John Townsend’s Investment Opinions April 2021

All I can say is that on this earth there are pestilences and there are victims– and as far as possible one must refuse to be on the side of the pestilence. ― Albert Camus, The Plague

A number of important factors have impacted on investors so far in 2020/21. These will have long lasting effects.

The COVID pandemic, featuring incompetent populist politicians with total policy paralysis thereby carelessly condemning many of their fellow countrymen to unnecessary suffering, is the pressure presently most in the news. In the USA, the era of incompetence, responsibility-shirking and name-calling has come to an end and the new president is proposing serious legislation to help the people and US infrastructure rather than a few party donors. An aggressive political and fiscal policy will help the country achieve a pole position in terms of economic growth.

The world goes on despite the pandemic. People fall ill and die of other ailments or accidents, economies thrive or falter and investors seek to make a return on their capital and continue to take risks they are unable to recognize.

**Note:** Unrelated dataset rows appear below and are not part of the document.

(* An input sequence $\bar{\mathbf{u}} = (\mathbf{u}_0,\ldots,\mathbf{u}_N) \in \bar{U}$ is a separating input (i.e. $Y_N^{[i]}(\bar{\mathbf{u}}) \cap Y_N^{[j]}(\bar{\mathbf{u}}) = \emptyset$ for every $i,j \in \mathbb{I}$, $i\neq j$) if and only if \[ \begin{bmatrix} \mathbf{N}(i,j) \\ \boldsymbol{\Omega}(i,j) \end{bmatrix} \bar{\mathbf{u}} \notin \mathcal{Y}(i,j) = \left\{ \begin{bmatrix} \mathbf{G}^Y_N(i,j) \\ \mathbf{A}^Y_N(i,j) \end{bmatrix} , \begin{bmatrix} \mathbf{c}^Y_N(i,j) \\ - \mathbf{b}^Y_N(i,j) \end{bmatrix} \right\} \] (a zonotope in generator–center form) for all $i,j \in \mathbb{I}$, $i \neq j$, where $\mathbf{N}(i,j) = \mathbf{F}^{[j]} \bar{\mathbf{H}}^{[j]} - \mathbf{F}^{[i]} \bar{\mathbf{H}}^{[i]} + [\mathbf{0} \;\; (\mathbf{D}^{[j]}-\mathbf{D}^{[i]})]$, $\boldsymbol{\Omega}(i,j) = [(\boldsymbol{\Omega}_N^{[i]})^T \; \mathbf{0} \; (\boldsymbol{\Omega}_N^{[j]})^T \; \mathbf{0}]^T$, and $\mathbf{G}^Y_N(i,j) = [ \mathbf{G}^{Y[i]}_N \;\; -\mathbf{G}^{Y[j]}_N ]$, $\mathbf{c}^Y_N(i,j) = \mathbf{c}^{Y[i]}_N(\bar{\mathbf{0}}) - \mathbf{c}^{Y[j]}_N(\bar{\mathbf{0}})$, $\mathbf{A}^Y_N(i,j) = \mathrm{blkdiag}(\mathbf{A}_N^{Y[i]}, \mathbf{A}_N^{Y[j]})$, $\mathbf{b}^Y_N(i,j) = [(\mathbf{b}_N^{Y[i]}(\bar{\mathbf{0}}))^T \;\; (\mathbf{b}_N^{Y[j]}(\bar{\mathbf{0}}))^T]^T$, with $\bar{\mathbf{0}}$ the zero input sequence.
   Context: Constrained zonotope notation: $\{\mathbf{G},\mathbf{c},\mathbf{A},\mathbf{b}\} = \{\mathbf{c}+\mathbf{G}\boldsymbol{\xi} : \|\boldsymbol{\xi}\|_\infty\le1,\ \mathbf{A}\boldsymbol{\xi}=\mathbf{b}\}$; a zonotope is $\{\mathbf{G},\mathbf{c}\}$. Consider $n_m$ linear descriptor models $i \in \mathbb{I} = \{1,\ldots,n_m\}$: $\mathbf{E}^{[i]}\mathbf{x}_k = \mathbf{A}^{[i]}\mathbf{x}_{k-1} + \mathbf{B}^{[i]}\mathbf{u}_{k-1} + \mathbf{B}_w^{[i]}\mathbf{w}_{k-1}$, $\mathbf{y}_k = \mathbf{C}^{[i]}\mathbf{x}_k + \mathbf{D}^{[i]}\mathbf{u}_k + \mathbf{D}_v^{[i]}\mathbf{v}_k$, with $\mathbf{x}_0 \in X_0$, $\mathbf{w}_k \in W$, $\mathbf{v}_k \in V = \{\mathbf{G}_v,\mathbf{c}_v,\mathbf{A}_v,\mathbf{b}_v\}$, $\mathbf{u}_k \in U$, $\bar{U} = U\times\cdots\times U$. For each $i$, with SVD $\mathbf{E}^{[i]} = \mathbf{U}^{[i]}\boldsymbol{\Sigma}^{[i]}(\mathbf{V}^{[i]})^T$, $\boldsymbol{\Sigma}^{[i]} = \mathrm{blkdiag}(\tilde{\boldsymbol{\Sigma}}^{[i]},\mathbf{0})$, $\mathbf{T}^{[i]} = ((\mathbf{V}^{[i]})^T)^{-1}$, define $[\tilde{\mathbf{A}}^{[i]};\check{\mathbf{A}}^{[i]}] = \mathrm{blkdiag}((\tilde{\boldsymbol{\Sigma}}^{[i]})^{-1},\mathbf{I})(\mathbf{U}^{[i]})^{-1}\mathbf{A}^{[i]}\mathbf{T}^{[i]}$, and analogously $\tilde{\mathbf{B}}^{[i]},\check{\mathbf{B}}^{[i]}$ from $\mathbf{B}^{[i]}$ and $\tilde{\mathbf{B}}_w^{[i]},\check{\mathbf{B}}_w^{[i]}$ from $\mathbf{B}_w^{[i]}$ (without right-multiplying by $\mathbf{T}^{[i]}$). With $\mathbf{z}_k = (\tilde{\mathbf{z}}_k,\check{\mathbf{z}}_k) = ((\mathbf{T}^{[i]})^{-1}\mathbf{x}_k,\mathbf{w}_k)$, the models become $\tilde{\mathbf{z}}_k = \tilde{\mathbf{A}}_z^{[i]}\mathbf{z}_{k-1} + \tilde{\mathbf{B}}^{[i]}\mathbf{u}_{k-1}$, $\mathbf{0} = \check{\mathbf{A}}_z^{[i]}\mathbf{z}_k + \check{\mathbf{B}}^{[i]}\mathbf{u}_k$, $\mathbf{y}_k = \mathbf{F}^{[i]}\mathbf{z}_k + \mathbf{D}^{[i]}\mathbf{u}_k + \mathbf{D}_v^{[i]}\mathbf{v}_k$, where $\tilde{\mathbf{A}}_z^{[i]} = [\tilde{\mathbf{A}}^{[i]}\ \tilde{\mathbf{B}}_w^{[i]}]$, $\check{\mathbf{A}}_z^{[i]} = [\check{\mathbf{A}}^{[i]}\ \check{\mathbf{B}}_w^{[i]}]$, $\mathbf{F}^{[i]} = \mathbf{C}^{[i]}\mathbf{T}^{[i]}[\mathbf{I}_n\ \mathbf{0}]$. A known constrained zonotope $X_a$ satisfies $\mathbf{x}_k\in X_a$ for all $k$; $Z_a^{[i]} = (\mathbf{T}^{[i]})^{-1}X_a\times W = \{\mathbf{G}_a^{[i]},\mathbf{c}_a^{[i]},\mathbf{A}_a^{[i]},\mathbf{b}_a^{[i]}\}$ with $\check{\mathbf{c}}_a^{[i]},\check{\mathbf{G}}_a^{[i]}$ the rows corresponding to $\check{\mathbf{z}}$; $\{\mathbf{G}_z^{[i]},\mathbf{c}_z^{[i]},\mathbf{A}_z^{[i]},\mathbf{b}_z^{[i]}\} = (\mathbf{T}^{[i]})^{-1}X_0\times W$. The state reachable set is $Z_N^{[i]}(\bar{\mathbf{u}}) = \{\mathbf{G}_N^{[i]},\mathbf{c}_N^{[i]}(\bar{\mathbf{u}}),\mathbf{A}_N^{[i]},\mathbf{b}_N^{[i]}(\bar{\mathbf{u}})\}$ given by the recursion, for $k=1,\ldots,N$: $\mathbf{c}_k^{[i]} = [\tilde{\mathbf{A}}_z^{[i]}\mathbf{c}_{k-1}^{[i]} + \tilde{\mathbf{B}}^{[i]}\mathbf{u}_{k-1};\ \check{\mathbf{c}}_a^{[i]}]$, $\mathbf{G}_k^{[i]} = \begin{bmatrix}\tilde{\mathbf{A}}_z^{[i]}\mathbf{G}_{k-1}^{[i]} & \mathbf{0}\\ \mathbf{0} & \check{\mathbf{G}}_a^{[i]}\end{bmatrix}$, $\mathbf{A}_k^{[i]} = \begin{bmatrix}\mathrm{blkdiag}(\mathbf{A}_{k-1}^{[i]},\mathbf{A}_a^{[i]}) \\ \check{\mathbf{A}}_z^{[i]}\mathbf{G}_k^{[i]}\end{bmatrix}$, $\mathbf{b}_k^{[i]} = [\mathbf{b}_{k-1}^{[i]};\ \mathbf{b}_a^{[i]};\ -\check{\mathbf{A}}_z^{[i]}\mathbf{c}_k^{[i]} - \check{\mathbf{B}}^{[i]}\mathbf{u}_k]$, initialized with $\mathbf{G}_0^{[i]} = \mathbf{G}_z^{[i]}$, $\mathbf{c}_0^{[i]} = \mathbf{c}_z^{[i]}$, $\mathbf{A}_0^{[i]} = [\mathbf{A}_z^{[i]};\ \check{\mathbf{A}}_z^{[i]}\mathbf{G}_0^{[i]}]$, $\mathbf{b}_0^{[i]} = [\mathbf{b}_z^{[i]};\ -\check{\mathbf{A}}_z^{[i]}\mathbf{c}_0^{[i]} - \check{\mathbf{B}}^{[i]}\mathbf{u}_0]$. These are affine in $\bar{\mathbf{u}}$: $\mathbf{c}_N^{[i]}(\bar{\mathbf{u}}) = \mathbf{c}_N^{[i]}(\bar{\mathbf{0}}) + \mathbf{H}_N^{[i]}\bar{\mathbf{u}}$ and $\mathbf{b}_N^{[i]}(\bar{\mathbf{u}}) = \mathbf{b}_N^{[i]}(\bar{\mathbf{0}}) + \boldsymbol{\Omega}_N^{[i]}\bar{\mathbf{u}}$, where $\mathbf{H}_h^{[i]} = [\ \cdots\ \mathbf{M}^{h-m}[\tilde{\mathbf{B}}^{[i]};\mathbf{0}]\ \cdots\ \mathbf{0}\ \cdots]$ ($m=1,\ldots,h$, followed by $N-h+1$ zero blocks), $\mathbf{M} = [\tilde{\mathbf{A}}_z^{[i]};\mathbf{0}]$, $\mathbf{H}_0^{[i]} = \mathbf{0}$, $\bar{\mathbf{H}}^{[i]} = [(\mathbf{H}_0^{[i]})^T\ \cdots\ (\mathbf{H}_N^{[i]})^T]^T$, $\boldsymbol{\Omega}_N^{[i]} = \boldsymbol{\Gamma}_N^{[i]} + \boldsymbol{\Upsilon}_N^{[i]}\bar{\mathbf{H}}^{[i]}$, $\boldsymbol{\Upsilon}_N^{[i]} = \mathrm{blkdiag}([\mathbf{0};-\check{\mathbf{A}}_z^{[i]}],\ldots)$, $\boldsymbol{\Gamma}_N^{[i]} = \mathrm{blkdiag}([\mathbf{0};-\check{\mathbf{B}}^{[i]}],\ldots)$ ($N+1$ blocks each). The output reachable set is $Y_N^{[i]}(\bar{\mathbf{u}}) = \mathbf{F}^{[i]}Z_N^{[i]}(\bar{\mathbf{u}}) \oplus \mathbf{D}^{[i]}\mathbf{u}_N \oplus \mathbf{D}_v^{[i]}V = \{\mathbf{G}_N^{Y[i]},\mathbf{c}_N^{Y[i]}(\bar{\mathbf{u}}),\mathbf{A}_N^{Y[i]},\mathbf{b}_N^{Y[i]}(\bar{\mathbf{u}})\}$ with $\mathbf{c}_N^{Y[i]} = \mathbf{F}^{[i]}\mathbf{c}_N^{[i]}(\bar{\mathbf{u}}) + \mathbf{D}^{[i]}\mathbf{u}_N + \mathbf{D}_v^{[i]}\mathbf{c}_v$, $\mathbf{G}_N^{Y[i]} = [\mathbf{F}^{[i]}\mathbf{G}_N^{[i]}\ \mathbf{G}_v]$, $\mathbf{A}_N^{Y[i]} = \mathrm{blkdiag}(\mathbf{A}_N^{[i]},\mathbf{A}_v)$, $\mathbf{b}_N^{Y[i]} = [\mathbf{b}_N^{[i]}(\bar{\mathbf{u}});\ \mathbf{b}_v]$. In $\mathbf{N}(i,j)$ the block $[\mathbf{0}\ (\mathbf{D}^{[j]}-\mathbf{D}^{[i]})]$ acts on the last input $\mathbf{u}_N$; the zero blocks in $\boldsymbol{\Omega}(i,j)$ correspond to the $\mathbf{b}_v$ rows. *)

(* Constrained-zonotope reachable sets of linear descriptor
   models, in the transformed (SVD) coordinates of the paper. *)
From HB Require Import structures.
From mathcomp Require Import all_boot all_order all_algebra.
Set Implicit Arguments. Unset Strict Implicit. Unset Printing Implicit Defensive.
Import Order.TTheory GRing.Theory Num.Theory.
Local Open Scope ring_scope.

In Britain, the appointment of a competent administrator to take charge of the vaccination program has produced remarkable results with a rapid vaccination programme providing lifesaving coverage. This has however, left unled and directionless politicians to continue their habit of stabbing each other in the back, breaking their word to their own countrymen and to foreigners and the private profiteering from contracts and connections in a depressingly undistinguished way. It is another sign of a malaise that will ultimately drive investment and employment out of the country.

European countries, which have produced world beating engineers, scientists and philosophers have become swamped in a bureaucratic quagmire resulting in a complete lack of syllogism and have therefore been unable to produce dynamic measures to fight the pandemic resulting in countless unnecessary deaths. Too many commentators are now trying to make half thought-out political capital by opining against the advice of scientists and doctors and demanding an immediate relaxation of lifesaving lockdown measures. If one looks hard enough there is always some so called expert or professor, normally from a lesser-known institution who can be quoted who will try to prove whatever opinion slant that one wants. Such idiocies are hard to avoid.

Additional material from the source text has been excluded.